(Records from a dataset)
——
(* If RePair and MR-RePair are not run with the same MR-order, then there is a case (i.e., there exist a text $T$ and runs of the two algorithms on $T$) in which the size of the grammar generated by MR-RePair is larger than the size of the grammar generated by RePair.
   Context: Strings: $\Sigma$ is a finite ordered alphabet; the frequency of a string is its number of occurrences in the current text as a substring. A substring $s$ with frequency greater than 1 is a repeat; $s$ is a maximal repeat if $|s|\ge 2$, $s$ is a repeat, and every left extension $ws$ and every right extension $sw$ ($w$ nonempty) occurs strictly fewer times than $s$. Grammars: a (deterministic) grammar $G=\{V,\Sigma,S,R\}$ has exactly one rule $v\to \mathit{expr}$ per variable, $\mathit{expr}$ being either a symbol of $\Sigma$ or a string of previously defined variables; it derives a unique text. Its size is the total length of the right-hand sides of all its rules. RePair on text $T$: (1) replace each symbol $a$ by a new variable $v_a$ and add $v_a\to a$; (2) find a most frequent pair $p$ of the current text (ties broken arbitrarily); (3) replace every occurrence of $p$ (as many as possible when $p$ consists of two equal symbols) by a new variable $v$ and add $v\to p$; (4) if the maximum pair frequency is now 1, add $S\to$(current text) and stop, else go to (2). MR-RePair on text $T$: (1) as in RePair; (2) find a most frequent maximal repeat $r$ of the current text (ties broken arbitrarily); (3) if $|r|>2$ and $r[1]=r[|r|]$, replace $r$ by $r[2..|r|]$; (4) replace every occurrence of $r$ by a new variable $v$ and add $v\to r$; (5) if the maximum frequency of maximal repeats is now 1, add $S\to$(current text) and stop, else go to (2). MR-order: the tie-breaking choices determine, for each run, an order in which the most frequent maximal repeats at each frequency level are processed (RePair replaces consecutively the pairs lying inside a most frequent maximal repeat); this order is the MR-order of the run. *)

From mathcomp Require Import all_boot.
Set Implicit Arguments. Unset Strict Implicit. Unset Printing Implicit Defensive.

(* Text symbols (Sigma) are natural numbers; T : seq nat.
   Grammar variables: [inl a] is the variable v_a (rule v_a -> a),
   [inr k] is the k-th variable created by a replacement step. *)
Definition var := (nat + nat)%type.

(* number of occurrences (possibly overlapping) of s as a substring of w *)
Definition freq (s w : seq var) : nat :=
  count (fun i => take (size s) (drop i w) == s) (iota 0 (size w - size s).+1).

Definition max_repeat (s w : seq var) : Prop :=
  2 <= size s /\ 1 < freq s w /\
  (forall u : seq var, u != [::] -> freq (u ++ s) w < freq s w) /\
  (forall u : seq var, u != [::] -> freq (s ++ u) w < freq s w).

Fixpoint repl_fuel (fuel : nat) (r : seq var) (v : var) (w : seq var) : seq var :=
  match fuel with
  | 0 => w
  | f.+1 =>
    match w with
    | [::] => [::]
    | x :: w' =>
      if (r != [::]) && (take (size r) w == r)
      then v :: repl_fuel f r v (drop (size r) w)
      else x :: repl_fuel f r v w'
    end
  end.
Definition repl (r : seq var) (v : var) (w : seq var) : seq var :=
  repl_fuel (size w) r v w.

(* grammar state: current text and the rules of created variables
   (rule k : inr k -> nth [::] rules k) *)
Record state := State { txt : seq var; rules : seq (seq var) }.

Definition init (T : seq nat) : state := State (map inl T) [::].

Fixpoint expv (fuel : nat) (rs : seq (seq var)) (x : var) : seq nat :=
  match x with
  | inl a => [:: a]
  | inr k => match fuel with
             | 0 => [::]
             | f.+1 => flatten (map (expv f rs) (nth [::] rs k))
             end
  end.
Definition expand (rs : seq (seq var)) (s : seq var) : seq nat :=
  flatten (map (expv (size rs) rs) s).

(* One RePair step: replace a most frequent pair p (frequency >= 2) by the
   new variable; r is the most frequent maximal repeat containing p that is
   being processed (used to define the MR-order of the run). *)
Definition repair_step (st : state) (p r : seq var) (st' : state) : Prop :=
  size p = 2 /\ 1 < freq p (txt st) /\
  (forall q : seq var, size q = 2 -> freq q (txt st) <= freq p (txt st)) /\
  max_repeat r (txt st) /\ infix p r /\ freq r (txt st) = freq p (txt st) /\
  st' = State (repl p (inr (size (rules st))) (txt st)) (rcons (rules st) p).

(* RePair run from st to final state; tr = Sigma-expansions of the maximal
   repeats processed at each step *)
Inductive repair_run : state -> seq (seq nat) -> state -> Prop :=
| RP_stop st :
    (forall q : seq var, size q = 2 -> freq q (txt st) <= 1) ->
    repair_run st [::] st
| RP_step st p r st' tr st'' :
    repair_step st p r st' -> repair_run st' tr st'' ->
    repair_run st (expand (rules st) r :: tr) st''.

(* the string actually replaced by MR-RePair for the chosen maximal repeat r *)
Definition mr_trim (r : seq var) : seq var :=
  if (2 < size r) && (head (inl 0) r == last (inl 0) r) then behead r else r.

Definition mrrepair_step (st : state) (r : seq var) (st' : state) : Prop :=
  max_repeat r (txt st) /\
  (forall s : seq var, max_repeat s (txt st) -> freq s (txt st) <= freq r (txt st)) /\
  st' = State (repl (mr_trim r) (inr (size (rules st))) (txt st))
              (rcons (rules st) (mr_trim r)).

Inductive mrrepair_run : state -> seq (seq nat) -> state -> Prop :=
| MR_stop st :
    (forall s : seq var, ~ max_repeat s (txt st)) ->
    mrrepair_run st [::] st
| MR_step st r st' tr st'' :
    mrrepair_step st r st' -> mrrepair_run st' tr st'' ->
    mrrepair_run st (expand (rules st) r :: tr) st''.

Fixpoint dedup (s : seq (seq nat)) : seq (seq nat) :=
  match s with
  | x :: ((y :: _) as s') => if x == y then dedup s' else x :: dedup s'
  | _ => s
  end.

Definition mr_order (tr : seq (seq nat)) : seq (seq nat) := dedup tr.

(* grammar size: rules v_a -> a (one per distinct symbol of T), the created
   rules, and S -> final text *)
Definition gsize (T : seq nat) (st : state) : nat :=
  size (undup T) + sumn (map size (rules st)) + size (txt st).

(** In [T = 000101] both [00] and [01] are maximal repeats of (overlapping)
    frequency 2, so each of them may be processed first.  RePair replaces
    [01] and is left with [00XX], which has no repeated pair: a grammar of
    size 2 + 2 + 4 = 8.  MR-RePair may replace [00] first, which occurs only
    once without overlap, and then [01], ending with [YZZ]: size 2 + 4 + 3 = 9.
    Every side condition of the two runs quantifies over strings, but only
    substrings of the current text matter, so they all become decidable. *)

From mathcomp Require Import all_boot.
Set Implicit Arguments. Unset Strict Implicit. Unset Printing Implicit Defensive.

Section Substrings.

Variable w : seq var.

Definition substrings : seq (seq var) :=
  [seq take n (drop i w) | i <- iota 0 (size w), n <- iota 1 (size w)].

Lemma mem_substrings s : s != [::] -> 0 < freq s w -> s \in substrings.
Proof.
move=> s_nil; rewrite /freq -has_count => /hasP [i].
rewrite mem_iota /= add0n => lt_i /eqP occ_i.
have le_s_w : size s <= size w.
  by rewrite -occ_i size_take_min size_drop (leq_trans (geq_minr _ _) (leq_subr _ _)).
have s_gt0 : 0 < size s by rewrite lt0n size_eq0.
rewrite /substrings -occ_i; apply: allpairs_f; rewrite mem_iota /=.
- by rewrite add0n (leq_trans lt_i) // ltn_subrL s_gt0 (leq_trans s_gt0 le_s_w).
- by rewrite s_gt0 add1n ltnS.
Qed.

Lemma freq_le_substrings (P : pred (seq var)) k :
  all (fun s => P s ==> (freq s w <= k)) substrings ->
  forall s, s != [::] -> P s -> freq s w <= k.
Proof.
move=> /allP freq_le s s_nil Ps; case: (posnP (freq s w)) => [-> // | s_occ].
by have /implyP := freq_le s (mem_substrings s_nil s_occ); apply.
Qed.

Definition max_repeatb (s : seq var) : bool :=
  [&& 2 <= size s, 1 < freq s w,
   all (fun t => (size s < size t) && (drop (size t - size s) t == s)
                 ==> (freq t w < freq s w)) substrings &
   all (fun t => (size s < size t) && (take (size s) t == s)
                 ==> (freq t w < freq s w)) substrings].

Lemma max_repeatP s : reflect (max_repeat s w) (max_repeatb s).
Proof.
apply: (iffP and4P) => [[s2 s_rep /allP left_ext /allP right_ext] |
                        [s2 [s_rep [left_ext right_ext]]]].
- have s_nil : s != [::] by case: s s2 {s_rep left_ext right_ext}.
  split=> //; split=> //; split=> u u_nil.
  + case: (posnP (freq (u ++ s) w)) => [-> | us_occ]; first exact: ltn_trans s_rep.
    have us_nil : u ++ s != [::] by rewrite -size_eq0 size_cat addn_eq0 !size_eq0 (negPf s_nil) andbF.
    move: (left_ext _ (mem_substrings us_nil us_occ)).
    rewrite size_cat addnK drop_size_cat // -{1}(add0n (size s)) ltn_add2r lt0n size_eq0 u_nil eqxx.
    by [].
  + case: (posnP (freq (s ++ u) w)) => [-> | su_occ]; first exact: ltn_trans s_rep.
    have su_nil : s ++ u != [::] by rewrite -size_eq0 size_cat addn_eq0 !size_eq0 (negPf s_nil).
    move: (right_ext _ (mem_substrings su_nil su_occ)).
    rewrite size_cat take_size_cat // -{1}(addn0 (size s)) ltn_add2l lt0n size_eq0 u_nil eqxx.
    by [].
- split=> //; apply/allP => t _; apply/implyP => /andP [lt_s_t /eqP ext].
  + have <- : take (size t - size s) t ++ s = t by rewrite -{2}ext cat_take_drop.
    apply: left_ext; rewrite -size_eq0 size_take_min -lt0n leq_min subn_gt0 lt_s_t.
    exact: leq_ltn_trans (leq0n _) lt_s_t.
  + have <- : s ++ drop (size s) t = t by rewrite -{1}ext cat_take_drop.
    by apply: right_ext; rewrite -size_eq0 size_drop -lt0n subn_gt0.
Qed.

Lemma max_repeat_substrings s : max_repeat s w -> s \in substrings.
Proof.
case=> s2 [s_rep _]; apply: mem_substrings; last exact: ltn_trans s_rep.
by case: s s2 {s_rep}.
Qed.

Lemma pair_freq_le k :
  all (fun q => (size q == 2) ==> (freq q w <= k)) substrings ->
  forall q : seq var, size q = 2 -> freq q w <= k.
Proof.
move=> freq_le q q2; have q_nil : q != [::] by rewrite -size_eq0 q2.
exact: freq_le_substrings freq_le _ q_nil (introT eqP q2).
Qed.

Lemma max_repeat_freq_le r :
  all (fun s => max_repeatb s ==> (freq s w <= freq r w)) substrings ->
  forall s, max_repeat s w -> freq s w <= freq r w.
Proof.
move=> /allP freq_le s s_mr.
by have /implyP := freq_le s (max_repeat_substrings s_mr); apply; apply/max_repeatP.
Qed.

Lemma no_max_repeat :
  all (fun s => ~~ max_repeatb s) substrings -> forall s, ~ max_repeat s w.
Proof.
move=> /allP no_mr s s_mr.
by have /negP := no_mr s (max_repeat_substrings s_mr); apply; apply/max_repeatP.
Qed.

End Substrings.

Definition example_text : seq nat := [:: 0; 0; 0; 1; 0; 1].

Definition repair_final : state :=
  State [:: inl 0; inl 0; inr 0; inr 0] [:: [:: inl 0; inl 1]].

Definition mrrepair_middle : state :=
  State [:: inr 0; inl 0; inl 1; inl 0; inl 1] [:: [:: inl 0; inl 0]].

Definition mrrepair_final : state :=
  State [:: inr 0; inr 1; inr 1] [:: [:: inl 0; inl 0]; [:: inl 0; inl 1]].

Lemma repair_run_example :
  repair_run (init example_text) [:: [:: 0; 1]] repair_final.
Proof.
pose p := [:: inl 0; inl 1] : seq var.
apply: (@RP_step _ p p _ [::]); last by apply: RP_stop; apply: pair_freq_le; vm_compute.
split; first by [].
split; first by vm_compute.
split; first by apply: pair_freq_le; vm_compute.
split; first by apply/max_repeatP; vm_compute.
by vm_compute.
Qed.

Lemma mrrepair_run_example :
  mrrepair_run (init example_text) [:: [:: 0; 0]; [:: 0; 1]] mrrepair_final.
Proof.
apply: (@MR_step _ [:: inl 0; inl 0] mrrepair_middle [:: [:: 0; 1]]).
  split; first by apply/max_repeatP; vm_compute.
  split; first by apply: max_repeat_freq_le; vm_compute.
  by vm_compute.
apply: (@MR_step _ [:: inl 0; inl 1] _ [::]).
  split; first by apply/max_repeatP; vm_compute.
  split; first by apply: max_repeat_freq_le; vm_compute.
  by vm_compute.
by apply: MR_stop; apply: no_max_repeat; vm_compute.
Qed.

Theorem mainTheorem3 :
  exists (T : seq nat) (trRP trMR : seq (seq nat)) (fRP fMR : state),
    repair_run (init T) trRP fRP /\
    mrrepair_run (init T) trMR fMR /\
    mr_order trRP <> mr_order trMR /\
    gsize T fRP < gsize T fMR.
Proof.
exists example_text, [:: [:: 0; 1]], [:: [:: 0; 0]; [:: 0; 1]].
exists repair_final, mrrepair_final.
split; first exact: repair_run_example.
split; first exact: mrrepair_run_example.
by split; vm_compute.
Qed.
——
Problem to work on: Return only the part of the records above that opens with the line containing "split; first by vm_compute." and closes with the line containing "apply: (@MR_step _ [:: inl 0; inl 1] _ [::]).", ends included.

Result of the task:
split; first by vm_compute.
split; first by apply: pair_freq_le; vm_compute.
split; first by apply/max_repeatP; vm_compute.
by vm_compute.
Qed.

Lemma mrrepair_run_example :
  mrrepair_run (init example_text) [:: [:: 0; 0]; [:: 0; 1]] mrrepair_final.
Proof.
apply: (@MR_step _ [:: inl 0; inl 0] mrrepair_middle [:: [:: 0; 1]]).
  split; first by apply/max_repeatP; vm_compute.
  split; first by apply: max_repeat_freq_le; vm_compute.
  by vm_compute.
apply: (@MR_step _ [:: inl 0; inl 1] _ [::]).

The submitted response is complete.